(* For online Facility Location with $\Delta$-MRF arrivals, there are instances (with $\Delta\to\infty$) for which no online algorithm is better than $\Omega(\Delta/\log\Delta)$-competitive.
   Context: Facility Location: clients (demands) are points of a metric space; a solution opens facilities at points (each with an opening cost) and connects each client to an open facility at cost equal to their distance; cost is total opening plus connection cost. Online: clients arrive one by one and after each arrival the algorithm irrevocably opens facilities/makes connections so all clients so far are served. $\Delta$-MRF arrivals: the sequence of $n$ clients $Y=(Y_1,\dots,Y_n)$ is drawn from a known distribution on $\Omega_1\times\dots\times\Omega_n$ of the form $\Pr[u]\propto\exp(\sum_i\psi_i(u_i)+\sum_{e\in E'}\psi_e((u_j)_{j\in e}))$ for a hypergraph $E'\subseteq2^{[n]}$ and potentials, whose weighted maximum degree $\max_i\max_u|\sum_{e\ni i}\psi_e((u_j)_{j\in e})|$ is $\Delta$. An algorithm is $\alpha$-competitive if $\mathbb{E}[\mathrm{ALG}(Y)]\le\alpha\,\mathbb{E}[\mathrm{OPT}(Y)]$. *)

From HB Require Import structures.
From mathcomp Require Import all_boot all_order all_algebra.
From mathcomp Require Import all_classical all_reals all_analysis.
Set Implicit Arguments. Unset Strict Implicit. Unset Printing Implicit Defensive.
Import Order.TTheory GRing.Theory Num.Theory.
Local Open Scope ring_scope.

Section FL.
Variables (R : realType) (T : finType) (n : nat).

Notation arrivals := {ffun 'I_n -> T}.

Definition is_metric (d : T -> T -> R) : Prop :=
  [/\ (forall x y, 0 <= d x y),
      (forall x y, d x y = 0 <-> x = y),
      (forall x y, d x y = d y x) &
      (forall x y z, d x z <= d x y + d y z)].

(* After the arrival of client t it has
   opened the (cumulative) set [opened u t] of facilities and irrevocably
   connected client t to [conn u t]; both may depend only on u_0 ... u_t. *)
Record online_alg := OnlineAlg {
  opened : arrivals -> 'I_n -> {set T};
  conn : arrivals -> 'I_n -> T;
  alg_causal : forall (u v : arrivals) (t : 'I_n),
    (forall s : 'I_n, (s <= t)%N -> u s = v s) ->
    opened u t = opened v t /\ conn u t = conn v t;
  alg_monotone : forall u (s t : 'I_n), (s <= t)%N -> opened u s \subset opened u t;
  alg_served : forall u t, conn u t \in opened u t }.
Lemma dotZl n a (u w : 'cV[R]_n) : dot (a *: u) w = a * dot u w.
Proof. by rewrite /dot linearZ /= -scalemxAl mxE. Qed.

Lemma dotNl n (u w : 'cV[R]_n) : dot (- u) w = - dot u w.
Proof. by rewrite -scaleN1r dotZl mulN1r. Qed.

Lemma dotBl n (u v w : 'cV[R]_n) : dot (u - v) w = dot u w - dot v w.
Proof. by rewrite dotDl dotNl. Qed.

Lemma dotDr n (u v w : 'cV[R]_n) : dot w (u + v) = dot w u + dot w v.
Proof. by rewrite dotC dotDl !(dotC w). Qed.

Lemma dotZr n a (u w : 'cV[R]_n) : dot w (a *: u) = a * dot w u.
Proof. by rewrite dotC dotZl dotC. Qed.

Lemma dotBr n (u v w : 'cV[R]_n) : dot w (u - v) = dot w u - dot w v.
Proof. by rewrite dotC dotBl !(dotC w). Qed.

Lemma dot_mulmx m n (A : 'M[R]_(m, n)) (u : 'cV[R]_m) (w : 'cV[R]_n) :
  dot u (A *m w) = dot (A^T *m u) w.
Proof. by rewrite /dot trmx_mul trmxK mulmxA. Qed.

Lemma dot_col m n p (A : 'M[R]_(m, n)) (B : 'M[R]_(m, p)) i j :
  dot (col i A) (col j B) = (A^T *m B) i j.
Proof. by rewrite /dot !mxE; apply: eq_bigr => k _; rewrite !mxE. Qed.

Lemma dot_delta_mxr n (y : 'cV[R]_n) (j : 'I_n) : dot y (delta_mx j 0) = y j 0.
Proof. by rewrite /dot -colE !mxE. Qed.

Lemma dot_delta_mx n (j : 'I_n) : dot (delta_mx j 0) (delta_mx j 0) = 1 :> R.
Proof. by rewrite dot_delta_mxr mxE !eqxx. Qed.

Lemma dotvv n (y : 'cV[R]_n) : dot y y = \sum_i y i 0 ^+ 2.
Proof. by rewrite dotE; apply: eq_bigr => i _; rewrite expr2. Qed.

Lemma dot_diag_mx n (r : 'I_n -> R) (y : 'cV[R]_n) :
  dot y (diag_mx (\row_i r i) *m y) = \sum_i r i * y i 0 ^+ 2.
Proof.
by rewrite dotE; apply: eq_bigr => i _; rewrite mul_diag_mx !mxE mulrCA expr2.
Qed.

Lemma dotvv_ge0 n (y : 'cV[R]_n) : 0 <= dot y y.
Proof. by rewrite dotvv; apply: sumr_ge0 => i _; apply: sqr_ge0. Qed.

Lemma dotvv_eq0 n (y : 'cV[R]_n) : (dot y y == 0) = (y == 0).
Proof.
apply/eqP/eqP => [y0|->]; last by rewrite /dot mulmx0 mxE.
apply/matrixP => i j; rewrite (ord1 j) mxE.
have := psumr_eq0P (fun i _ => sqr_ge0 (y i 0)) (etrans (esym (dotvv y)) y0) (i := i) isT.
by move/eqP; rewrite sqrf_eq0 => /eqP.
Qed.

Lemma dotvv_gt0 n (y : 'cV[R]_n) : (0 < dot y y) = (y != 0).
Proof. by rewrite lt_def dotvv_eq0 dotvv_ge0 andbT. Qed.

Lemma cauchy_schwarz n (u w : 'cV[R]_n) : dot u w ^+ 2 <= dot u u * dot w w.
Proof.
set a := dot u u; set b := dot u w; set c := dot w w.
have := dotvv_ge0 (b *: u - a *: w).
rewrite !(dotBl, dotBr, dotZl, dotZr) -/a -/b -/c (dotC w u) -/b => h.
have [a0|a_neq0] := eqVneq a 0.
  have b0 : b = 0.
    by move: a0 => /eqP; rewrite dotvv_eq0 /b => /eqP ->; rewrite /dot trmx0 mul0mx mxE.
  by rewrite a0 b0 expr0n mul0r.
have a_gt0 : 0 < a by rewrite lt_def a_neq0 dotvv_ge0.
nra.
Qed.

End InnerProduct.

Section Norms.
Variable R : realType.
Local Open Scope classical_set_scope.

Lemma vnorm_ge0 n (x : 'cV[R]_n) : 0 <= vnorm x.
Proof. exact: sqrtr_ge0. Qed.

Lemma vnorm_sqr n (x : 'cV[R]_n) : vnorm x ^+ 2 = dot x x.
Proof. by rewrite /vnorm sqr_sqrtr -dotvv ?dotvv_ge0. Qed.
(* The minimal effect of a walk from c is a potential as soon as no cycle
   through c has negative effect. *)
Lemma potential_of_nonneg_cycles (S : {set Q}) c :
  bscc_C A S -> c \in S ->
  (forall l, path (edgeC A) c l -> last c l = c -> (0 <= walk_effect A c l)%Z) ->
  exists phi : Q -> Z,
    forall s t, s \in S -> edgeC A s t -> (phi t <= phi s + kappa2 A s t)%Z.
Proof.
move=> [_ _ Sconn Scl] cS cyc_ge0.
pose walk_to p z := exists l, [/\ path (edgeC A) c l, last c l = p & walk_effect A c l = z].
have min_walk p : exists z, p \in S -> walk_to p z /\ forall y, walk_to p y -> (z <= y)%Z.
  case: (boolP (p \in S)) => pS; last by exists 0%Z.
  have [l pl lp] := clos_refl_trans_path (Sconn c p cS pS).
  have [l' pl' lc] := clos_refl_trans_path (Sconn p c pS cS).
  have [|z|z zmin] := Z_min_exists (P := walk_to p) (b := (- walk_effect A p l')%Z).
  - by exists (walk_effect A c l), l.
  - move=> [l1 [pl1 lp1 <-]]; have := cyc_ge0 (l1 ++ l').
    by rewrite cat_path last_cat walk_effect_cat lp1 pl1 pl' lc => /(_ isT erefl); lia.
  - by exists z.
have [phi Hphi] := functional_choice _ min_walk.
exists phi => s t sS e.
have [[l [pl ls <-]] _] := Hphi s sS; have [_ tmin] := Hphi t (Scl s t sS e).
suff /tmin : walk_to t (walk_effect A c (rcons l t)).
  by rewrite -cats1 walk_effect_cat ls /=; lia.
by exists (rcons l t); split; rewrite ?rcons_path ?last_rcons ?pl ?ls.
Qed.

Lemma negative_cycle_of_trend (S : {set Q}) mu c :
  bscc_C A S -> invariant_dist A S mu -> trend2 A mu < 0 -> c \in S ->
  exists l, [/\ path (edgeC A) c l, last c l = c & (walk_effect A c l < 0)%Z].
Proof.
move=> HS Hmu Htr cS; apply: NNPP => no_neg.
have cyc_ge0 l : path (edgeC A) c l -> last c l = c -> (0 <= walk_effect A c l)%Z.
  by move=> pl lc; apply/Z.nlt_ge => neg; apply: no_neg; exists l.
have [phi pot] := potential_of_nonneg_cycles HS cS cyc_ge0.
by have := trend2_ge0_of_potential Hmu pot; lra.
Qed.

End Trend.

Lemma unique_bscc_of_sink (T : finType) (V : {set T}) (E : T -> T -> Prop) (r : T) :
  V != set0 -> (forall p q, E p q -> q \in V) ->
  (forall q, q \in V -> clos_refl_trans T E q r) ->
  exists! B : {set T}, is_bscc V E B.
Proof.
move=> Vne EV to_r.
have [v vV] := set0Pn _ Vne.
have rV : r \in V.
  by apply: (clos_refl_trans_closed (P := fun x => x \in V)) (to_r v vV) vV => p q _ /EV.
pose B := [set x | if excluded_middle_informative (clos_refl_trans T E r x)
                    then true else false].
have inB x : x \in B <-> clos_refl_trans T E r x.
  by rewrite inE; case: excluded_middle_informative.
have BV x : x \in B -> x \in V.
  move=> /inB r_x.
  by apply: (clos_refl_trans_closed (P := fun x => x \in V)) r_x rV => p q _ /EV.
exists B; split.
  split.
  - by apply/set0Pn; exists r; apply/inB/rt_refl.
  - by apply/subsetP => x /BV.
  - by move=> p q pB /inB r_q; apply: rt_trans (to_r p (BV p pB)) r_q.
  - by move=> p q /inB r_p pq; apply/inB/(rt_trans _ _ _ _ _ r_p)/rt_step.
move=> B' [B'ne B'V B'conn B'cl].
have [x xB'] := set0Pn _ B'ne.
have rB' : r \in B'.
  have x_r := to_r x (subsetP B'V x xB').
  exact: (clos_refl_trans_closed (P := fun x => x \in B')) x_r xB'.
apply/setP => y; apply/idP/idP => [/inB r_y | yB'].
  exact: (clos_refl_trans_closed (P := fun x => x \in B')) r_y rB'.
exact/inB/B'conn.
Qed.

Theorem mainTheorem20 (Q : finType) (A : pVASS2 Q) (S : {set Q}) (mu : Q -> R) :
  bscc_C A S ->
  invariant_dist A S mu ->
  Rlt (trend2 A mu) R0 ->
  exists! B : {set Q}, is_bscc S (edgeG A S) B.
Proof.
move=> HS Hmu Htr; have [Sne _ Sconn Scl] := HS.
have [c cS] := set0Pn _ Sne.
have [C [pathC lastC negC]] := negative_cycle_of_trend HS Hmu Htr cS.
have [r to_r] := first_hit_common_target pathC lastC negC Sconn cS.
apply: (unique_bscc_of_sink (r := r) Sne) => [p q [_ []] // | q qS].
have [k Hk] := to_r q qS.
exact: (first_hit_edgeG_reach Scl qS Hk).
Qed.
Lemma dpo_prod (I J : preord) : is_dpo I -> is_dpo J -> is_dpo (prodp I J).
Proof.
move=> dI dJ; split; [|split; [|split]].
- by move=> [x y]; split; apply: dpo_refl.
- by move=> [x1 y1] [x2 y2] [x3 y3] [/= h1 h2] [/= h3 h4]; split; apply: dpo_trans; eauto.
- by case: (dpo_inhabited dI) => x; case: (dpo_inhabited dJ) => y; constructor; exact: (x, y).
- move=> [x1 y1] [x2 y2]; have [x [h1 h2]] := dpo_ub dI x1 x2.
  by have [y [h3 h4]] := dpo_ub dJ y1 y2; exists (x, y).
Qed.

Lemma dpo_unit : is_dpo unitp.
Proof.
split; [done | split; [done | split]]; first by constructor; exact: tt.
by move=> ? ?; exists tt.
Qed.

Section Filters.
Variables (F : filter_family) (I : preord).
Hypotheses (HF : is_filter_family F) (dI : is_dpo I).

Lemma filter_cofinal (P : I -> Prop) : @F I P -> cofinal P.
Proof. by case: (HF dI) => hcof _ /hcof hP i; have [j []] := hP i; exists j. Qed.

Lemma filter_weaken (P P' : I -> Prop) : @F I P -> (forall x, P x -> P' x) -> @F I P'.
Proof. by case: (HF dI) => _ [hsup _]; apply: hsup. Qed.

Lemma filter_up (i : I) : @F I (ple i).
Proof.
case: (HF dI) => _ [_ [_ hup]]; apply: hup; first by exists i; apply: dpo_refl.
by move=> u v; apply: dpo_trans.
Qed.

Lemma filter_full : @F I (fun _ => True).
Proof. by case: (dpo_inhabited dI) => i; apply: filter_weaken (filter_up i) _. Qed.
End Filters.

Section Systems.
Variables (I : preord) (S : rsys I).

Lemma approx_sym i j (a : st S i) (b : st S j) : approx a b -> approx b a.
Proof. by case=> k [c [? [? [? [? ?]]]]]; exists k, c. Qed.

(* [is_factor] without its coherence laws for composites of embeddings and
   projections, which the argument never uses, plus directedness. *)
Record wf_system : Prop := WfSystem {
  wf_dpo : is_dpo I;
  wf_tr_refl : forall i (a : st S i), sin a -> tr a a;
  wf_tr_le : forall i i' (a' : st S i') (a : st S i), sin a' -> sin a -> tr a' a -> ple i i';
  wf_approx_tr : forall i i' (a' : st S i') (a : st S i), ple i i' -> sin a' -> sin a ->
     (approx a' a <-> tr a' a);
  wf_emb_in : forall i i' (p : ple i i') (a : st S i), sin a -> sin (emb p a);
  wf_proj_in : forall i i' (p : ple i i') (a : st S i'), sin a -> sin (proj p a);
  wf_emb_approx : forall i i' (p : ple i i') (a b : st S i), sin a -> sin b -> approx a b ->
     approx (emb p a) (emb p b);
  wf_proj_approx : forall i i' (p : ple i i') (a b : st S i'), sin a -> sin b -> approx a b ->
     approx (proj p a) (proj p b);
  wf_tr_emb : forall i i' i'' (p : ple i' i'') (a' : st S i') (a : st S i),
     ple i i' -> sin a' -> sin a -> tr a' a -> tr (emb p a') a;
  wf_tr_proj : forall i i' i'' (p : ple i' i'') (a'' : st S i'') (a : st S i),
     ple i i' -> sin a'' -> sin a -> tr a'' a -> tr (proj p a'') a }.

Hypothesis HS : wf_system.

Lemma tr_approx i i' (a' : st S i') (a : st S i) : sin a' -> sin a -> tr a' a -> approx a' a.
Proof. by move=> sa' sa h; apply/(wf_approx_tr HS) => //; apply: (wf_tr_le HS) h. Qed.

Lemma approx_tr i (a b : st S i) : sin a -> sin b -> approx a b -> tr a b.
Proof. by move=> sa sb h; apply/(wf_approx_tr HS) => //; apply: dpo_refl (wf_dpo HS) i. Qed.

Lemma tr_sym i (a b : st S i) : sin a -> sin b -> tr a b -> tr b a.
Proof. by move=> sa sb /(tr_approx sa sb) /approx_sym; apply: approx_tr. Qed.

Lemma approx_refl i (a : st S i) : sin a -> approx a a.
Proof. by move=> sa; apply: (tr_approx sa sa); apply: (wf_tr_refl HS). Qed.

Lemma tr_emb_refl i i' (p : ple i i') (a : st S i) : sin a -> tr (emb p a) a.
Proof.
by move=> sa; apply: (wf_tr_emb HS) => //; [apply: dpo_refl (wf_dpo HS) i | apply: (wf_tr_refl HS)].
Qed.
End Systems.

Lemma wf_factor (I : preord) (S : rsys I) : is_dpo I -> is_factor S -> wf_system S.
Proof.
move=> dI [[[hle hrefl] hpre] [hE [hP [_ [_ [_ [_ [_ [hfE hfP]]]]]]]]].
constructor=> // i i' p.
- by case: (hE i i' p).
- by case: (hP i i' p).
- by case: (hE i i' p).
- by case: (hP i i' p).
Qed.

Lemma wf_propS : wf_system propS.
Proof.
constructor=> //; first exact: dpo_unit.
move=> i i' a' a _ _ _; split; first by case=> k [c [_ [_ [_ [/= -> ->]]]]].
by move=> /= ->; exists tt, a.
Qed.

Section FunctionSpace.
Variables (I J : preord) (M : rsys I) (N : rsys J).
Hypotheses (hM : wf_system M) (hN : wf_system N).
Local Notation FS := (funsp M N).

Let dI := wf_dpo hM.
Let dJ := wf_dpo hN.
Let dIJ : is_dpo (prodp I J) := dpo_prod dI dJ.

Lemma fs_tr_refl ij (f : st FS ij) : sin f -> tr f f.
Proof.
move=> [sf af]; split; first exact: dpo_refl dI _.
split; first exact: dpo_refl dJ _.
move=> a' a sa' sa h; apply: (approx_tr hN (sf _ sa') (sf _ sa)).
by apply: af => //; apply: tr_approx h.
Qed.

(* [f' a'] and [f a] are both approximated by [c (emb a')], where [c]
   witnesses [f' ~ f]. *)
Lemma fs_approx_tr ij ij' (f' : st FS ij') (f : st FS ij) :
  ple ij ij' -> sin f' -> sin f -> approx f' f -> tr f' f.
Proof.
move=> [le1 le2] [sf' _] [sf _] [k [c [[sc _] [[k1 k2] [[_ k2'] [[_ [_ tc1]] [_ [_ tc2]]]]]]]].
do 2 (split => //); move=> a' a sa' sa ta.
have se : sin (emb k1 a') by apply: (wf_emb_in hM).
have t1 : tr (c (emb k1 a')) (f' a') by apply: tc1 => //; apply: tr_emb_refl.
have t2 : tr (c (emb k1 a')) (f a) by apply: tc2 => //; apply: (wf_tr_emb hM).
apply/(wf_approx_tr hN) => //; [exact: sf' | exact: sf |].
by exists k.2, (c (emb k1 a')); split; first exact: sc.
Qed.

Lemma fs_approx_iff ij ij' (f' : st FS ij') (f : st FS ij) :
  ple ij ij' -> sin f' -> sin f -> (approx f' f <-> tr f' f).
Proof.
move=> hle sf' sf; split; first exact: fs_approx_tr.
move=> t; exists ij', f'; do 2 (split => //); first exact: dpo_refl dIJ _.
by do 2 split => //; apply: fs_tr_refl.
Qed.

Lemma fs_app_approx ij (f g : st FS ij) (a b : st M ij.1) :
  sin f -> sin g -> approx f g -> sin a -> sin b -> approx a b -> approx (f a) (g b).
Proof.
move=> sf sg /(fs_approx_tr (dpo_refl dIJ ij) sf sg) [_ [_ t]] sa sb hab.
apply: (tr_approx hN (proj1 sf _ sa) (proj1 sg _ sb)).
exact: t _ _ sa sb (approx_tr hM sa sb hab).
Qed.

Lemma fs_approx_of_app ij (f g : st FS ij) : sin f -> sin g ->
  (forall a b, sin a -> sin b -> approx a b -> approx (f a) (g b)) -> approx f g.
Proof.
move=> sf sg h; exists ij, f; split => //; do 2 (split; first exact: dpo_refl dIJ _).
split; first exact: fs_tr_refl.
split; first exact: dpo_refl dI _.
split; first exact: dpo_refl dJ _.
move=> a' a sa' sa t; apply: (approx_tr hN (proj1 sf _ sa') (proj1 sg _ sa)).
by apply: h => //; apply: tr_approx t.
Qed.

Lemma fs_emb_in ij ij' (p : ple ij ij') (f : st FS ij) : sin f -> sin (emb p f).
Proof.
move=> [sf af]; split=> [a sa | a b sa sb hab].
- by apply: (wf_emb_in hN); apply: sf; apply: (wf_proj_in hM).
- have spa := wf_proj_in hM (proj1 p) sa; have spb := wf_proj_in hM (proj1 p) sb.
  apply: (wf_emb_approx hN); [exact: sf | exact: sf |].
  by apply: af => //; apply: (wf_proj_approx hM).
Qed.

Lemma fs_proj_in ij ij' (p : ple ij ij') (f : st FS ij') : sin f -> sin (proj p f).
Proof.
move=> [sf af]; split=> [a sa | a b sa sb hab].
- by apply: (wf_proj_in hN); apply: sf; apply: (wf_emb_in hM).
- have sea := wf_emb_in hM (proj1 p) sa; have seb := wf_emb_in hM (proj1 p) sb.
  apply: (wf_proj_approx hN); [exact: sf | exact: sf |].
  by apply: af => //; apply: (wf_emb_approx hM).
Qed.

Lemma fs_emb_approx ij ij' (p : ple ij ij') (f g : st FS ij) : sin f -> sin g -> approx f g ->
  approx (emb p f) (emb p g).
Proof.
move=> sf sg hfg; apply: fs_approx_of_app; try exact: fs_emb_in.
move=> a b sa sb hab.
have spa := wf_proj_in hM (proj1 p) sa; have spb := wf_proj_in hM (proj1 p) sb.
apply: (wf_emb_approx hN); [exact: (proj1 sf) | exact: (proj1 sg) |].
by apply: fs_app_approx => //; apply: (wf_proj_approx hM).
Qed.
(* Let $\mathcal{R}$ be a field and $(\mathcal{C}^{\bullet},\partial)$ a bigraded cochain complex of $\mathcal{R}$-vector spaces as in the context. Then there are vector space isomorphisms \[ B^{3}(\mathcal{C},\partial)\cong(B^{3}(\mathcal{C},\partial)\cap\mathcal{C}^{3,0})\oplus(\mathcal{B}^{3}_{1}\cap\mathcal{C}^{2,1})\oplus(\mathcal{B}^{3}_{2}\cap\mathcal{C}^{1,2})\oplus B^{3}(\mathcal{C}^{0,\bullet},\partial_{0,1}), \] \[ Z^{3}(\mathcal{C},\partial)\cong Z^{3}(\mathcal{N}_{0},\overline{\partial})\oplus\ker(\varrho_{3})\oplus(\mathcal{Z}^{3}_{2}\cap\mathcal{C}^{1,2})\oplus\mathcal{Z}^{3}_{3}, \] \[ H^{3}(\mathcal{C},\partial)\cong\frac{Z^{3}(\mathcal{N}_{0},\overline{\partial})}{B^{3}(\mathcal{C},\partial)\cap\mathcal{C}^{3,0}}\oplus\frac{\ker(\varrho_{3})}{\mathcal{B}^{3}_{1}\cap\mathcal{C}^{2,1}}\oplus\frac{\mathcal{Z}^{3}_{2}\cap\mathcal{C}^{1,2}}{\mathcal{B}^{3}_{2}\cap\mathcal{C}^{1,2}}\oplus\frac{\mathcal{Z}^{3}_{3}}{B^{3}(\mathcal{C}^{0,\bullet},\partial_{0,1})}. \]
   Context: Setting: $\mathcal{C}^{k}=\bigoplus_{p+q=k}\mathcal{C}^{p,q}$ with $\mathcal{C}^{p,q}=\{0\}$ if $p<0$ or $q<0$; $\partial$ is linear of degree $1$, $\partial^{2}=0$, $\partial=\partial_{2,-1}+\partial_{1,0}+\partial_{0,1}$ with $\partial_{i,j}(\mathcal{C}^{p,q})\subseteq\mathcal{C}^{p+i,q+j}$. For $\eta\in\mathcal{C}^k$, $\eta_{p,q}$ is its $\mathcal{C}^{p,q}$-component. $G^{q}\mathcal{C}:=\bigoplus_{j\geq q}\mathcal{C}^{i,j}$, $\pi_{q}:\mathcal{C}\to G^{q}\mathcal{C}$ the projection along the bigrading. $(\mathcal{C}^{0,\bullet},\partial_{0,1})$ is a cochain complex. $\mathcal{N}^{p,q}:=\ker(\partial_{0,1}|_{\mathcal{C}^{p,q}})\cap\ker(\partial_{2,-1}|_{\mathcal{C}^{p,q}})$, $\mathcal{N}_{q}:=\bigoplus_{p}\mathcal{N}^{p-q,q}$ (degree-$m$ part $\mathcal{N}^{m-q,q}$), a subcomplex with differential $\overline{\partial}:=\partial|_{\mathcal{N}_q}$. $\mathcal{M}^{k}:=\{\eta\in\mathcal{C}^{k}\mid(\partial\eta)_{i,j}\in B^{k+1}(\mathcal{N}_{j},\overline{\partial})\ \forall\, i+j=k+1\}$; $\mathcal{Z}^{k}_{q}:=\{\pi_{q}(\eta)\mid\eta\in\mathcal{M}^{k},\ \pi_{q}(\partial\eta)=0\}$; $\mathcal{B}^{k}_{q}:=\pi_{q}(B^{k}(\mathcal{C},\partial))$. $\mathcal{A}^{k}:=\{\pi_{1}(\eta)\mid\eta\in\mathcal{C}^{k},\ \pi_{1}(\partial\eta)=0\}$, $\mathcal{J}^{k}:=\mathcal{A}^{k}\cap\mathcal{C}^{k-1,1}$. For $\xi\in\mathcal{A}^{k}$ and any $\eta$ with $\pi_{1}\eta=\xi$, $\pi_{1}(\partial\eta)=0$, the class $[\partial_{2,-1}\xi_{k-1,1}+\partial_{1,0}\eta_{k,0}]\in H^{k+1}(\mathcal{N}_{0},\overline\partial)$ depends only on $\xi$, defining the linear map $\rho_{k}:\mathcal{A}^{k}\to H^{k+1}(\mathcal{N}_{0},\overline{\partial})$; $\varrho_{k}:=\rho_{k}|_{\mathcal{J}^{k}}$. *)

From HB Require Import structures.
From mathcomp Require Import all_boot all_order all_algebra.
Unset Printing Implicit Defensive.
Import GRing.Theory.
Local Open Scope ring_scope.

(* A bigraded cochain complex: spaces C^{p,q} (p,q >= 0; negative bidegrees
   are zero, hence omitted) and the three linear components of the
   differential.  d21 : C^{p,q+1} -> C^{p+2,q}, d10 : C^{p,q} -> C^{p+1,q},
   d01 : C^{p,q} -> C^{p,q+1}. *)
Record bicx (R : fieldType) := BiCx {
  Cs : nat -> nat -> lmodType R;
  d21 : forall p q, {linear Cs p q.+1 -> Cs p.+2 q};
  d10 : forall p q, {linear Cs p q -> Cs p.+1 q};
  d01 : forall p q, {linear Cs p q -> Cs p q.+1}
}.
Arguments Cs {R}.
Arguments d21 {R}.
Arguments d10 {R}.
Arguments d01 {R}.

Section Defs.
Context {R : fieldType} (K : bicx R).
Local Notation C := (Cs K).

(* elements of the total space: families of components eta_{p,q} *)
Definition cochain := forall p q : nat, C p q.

· · · · ·

* [Exercise brief]
Repeat exactly the lines of the listing above, from the one with "(forall x y, d x y = 0" down to the one with "Proof. by rewrite dotDl dotNl. Qed."; both of those lines belong in the range.

* [Worked solution]
      (forall x y, d x y = 0 <-> x = y),
      (forall x y, d x y = d y x) &
      (forall x y z, d x z <= d x y + d y z)].

(* After the arrival of client t it has
   opened the (cumulative) set [opened u t] of facilities and irrevocably
   connected client t to [conn u t]; both may depend only on u_0 ... u_t. *)
Record online_alg := OnlineAlg {
  opened : arrivals -> 'I_n -> {set T};
  conn : arrivals -> 'I_n -> T;
  alg_causal : forall (u v : arrivals) (t : 'I_n),
    (forall s : 'I_n, (s <= t)%N -> u s = v s) ->
    opened u t = opened v t /\ conn u t = conn v t;
  alg_monotone : forall u (s t : 'I_n), (s <= t)%N -> opened u s \subset opened u t;
  alg_served : forall u t, conn u t \in opened u t }.
Lemma dotZl n a (u w : 'cV[R]_n) : dot (a *: u) w = a * dot u w.
Proof. by rewrite /dot linearZ /= -scalemxAl mxE. Qed.

Lemma dotNl n (u w : 'cV[R]_n) : dot (- u) w = - dot u w.
Proof. by rewrite -scaleN1r dotZl mulN1r. Qed.

Lemma dotBl n (u v w : 'cV[R]_n) : dot (u - v) w = dot u w - dot v w.
Proof. by rewrite dotDl dotNl. Qed.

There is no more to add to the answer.